We want to be at least 90% sure that at least one is a finished arrow point, that is:
[tex]P(X \geq 1) \geq 0.9[/tex]
Considering [tex]P(X \geq 1) = 1 - P(X = 0)[/tex]
[tex]1 - P(X = 0) \geq 0.9[/tex]
[tex]P(X = 0) \leq 0.1[/tex]
We have that:
[tex]P(X = x) = C_{n,x}.p^{x}.(1-p)^{n-x}[/tex]
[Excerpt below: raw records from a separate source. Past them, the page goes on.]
(* Let $\lambda, r, k$ be positive integers. Let $s_k(n,b)$ be the number of $r$-canonical secondary structures with minimum arc-length $\lambda$ on $n$ vertices having exactly $b$ rainbows of length $k$, and let $\mathbf{S}_k(x,u)=\sum_{n,b}s_k(n,b)x^nu^b$. Then $$\mathbf{S}_k(x,u)=\frac{1}{1-\mathbf{F}(x)-(u-1)f(k+1)x^{k+1}},$$ where $f(m)$ is the number of irreducible such structures on $m$ vertices and $\mathbf{F}(x)=\sum_{m\ge1}f(m)x^m$.
   Context: A diagram on $n$ vertices $1,\dots,n$ ($n\ge0$) is a set of arcs $(i,j)$ with $1\le i<j\le n$ such that no two arcs share an endpoint and no two arcs cross (there are no arcs $(i_1,j_1),(i_2,j_2)$ with $i_1<i_2<j_1<j_2$). The length of an arc $(i,j)$ is $j-i$. A stack is a maximal sequence of arcs $(i,j),(i+1,j-1),\dots,(i+s-1,j-s+1)$ of the diagram; $s$ is its length. An $r$-canonical secondary structure with minimum arc-length $\lambda$ is a diagram in which every arc has length at least $\lambda$ and every stack has length at least $r$ (the empty structure on $0$ vertices is counted). A rainbow is an arc $(i,j)$ maximal for the partial order $(i,j)\preceq(i',j')\iff i'\le i<j\le j'$. A structure is irreducible if it is the single vertex with no arcs ($n=1$) or it contains the arc $(1,n)$. *)

From mathcomp Require Import all_boot all_order all_algebra.
Set Implicit Arguments. Unset Strict Implicit. Unset Printing Implicit Defensive.
Import GRing.Theory.

(* Vertices 1..n are encoded 0-based as elements of 'I_n (vertex v+1 <-> v).
   A diagram on n vertices is a set A of pairs (i,j) in 'I_n * 'I_n. *)

Section Diagrams.
Variable n : nat.
Implicit Type A : {set 'I_n * 'I_n}.

Definition arc A (i j : nat) : bool :=
  [exists a in A, (val a.1 == i) && (val a.2 == j)].

Definition is_diagram A : bool :=
  [forall a in A, val a.1 < val a.2] &&
  [forall a in A, forall a' in A, (a != a') ==>
     [&& a.1 != a'.1, a.1 != a'.2, a.2 != a'.1 & a.2 != a'.2]] &&
  [forall a in A, forall a' in A,
     ~~ [&& val a.1 < val a'.1, val a'.1 < val a.2 & val a.2 < val a'.2]].

Definition min_arc_length (lam : nat) A : bool :=
  [forall a in A, lam <= val a.2 - val a.1].

Definition is_stack A (i j s : nat) : bool :=
  [&& 0 < s, [forall t : 'I_s, arc A (i + t) (j - t)],
      (0 < i) ==> ~~ arc A i.-1 j.+1 & ~~ arc A (i + s) (j - s)].

(* every stack has length at least r.  A stack starting at arc (i,j) has
   i, j < n and length s <= n, so quantifying over i j : 'I_n and
   s : 'I_n.+1 ranges over all stacks. *)
Definition r_canonical (r : nat) A : bool :=
  [forall i : 'I_n, forall j : 'I_n, forall s : 'I_n.+1,
     is_stack A i j s ==> (r <= s)].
[tex]P(X = 0) = C_{n,0}.(0.1)^{0}.(0.9)^{n} = (0.9)^n[/tex]
Then, we can solve for n:
[tex]P(X = 0) \leq 0.1[/tex]
[tex](0.9)^n \leq 0.1[/tex]
[tex]\log{(0.9)^n} \leq \log{0.1}[/tex]
[tex]n\log{0.9} \geq \log{0.1}[/tex]
[tex]n \geq \frac{\log{0.1}}{\log{0.9}}[/tex]
[tex]n \geq 21.9[/tex]
Rounding up, the smallest number of flaked stone objects that need to be found to be at least 90% sure that at least one is a finished arrow point is 22.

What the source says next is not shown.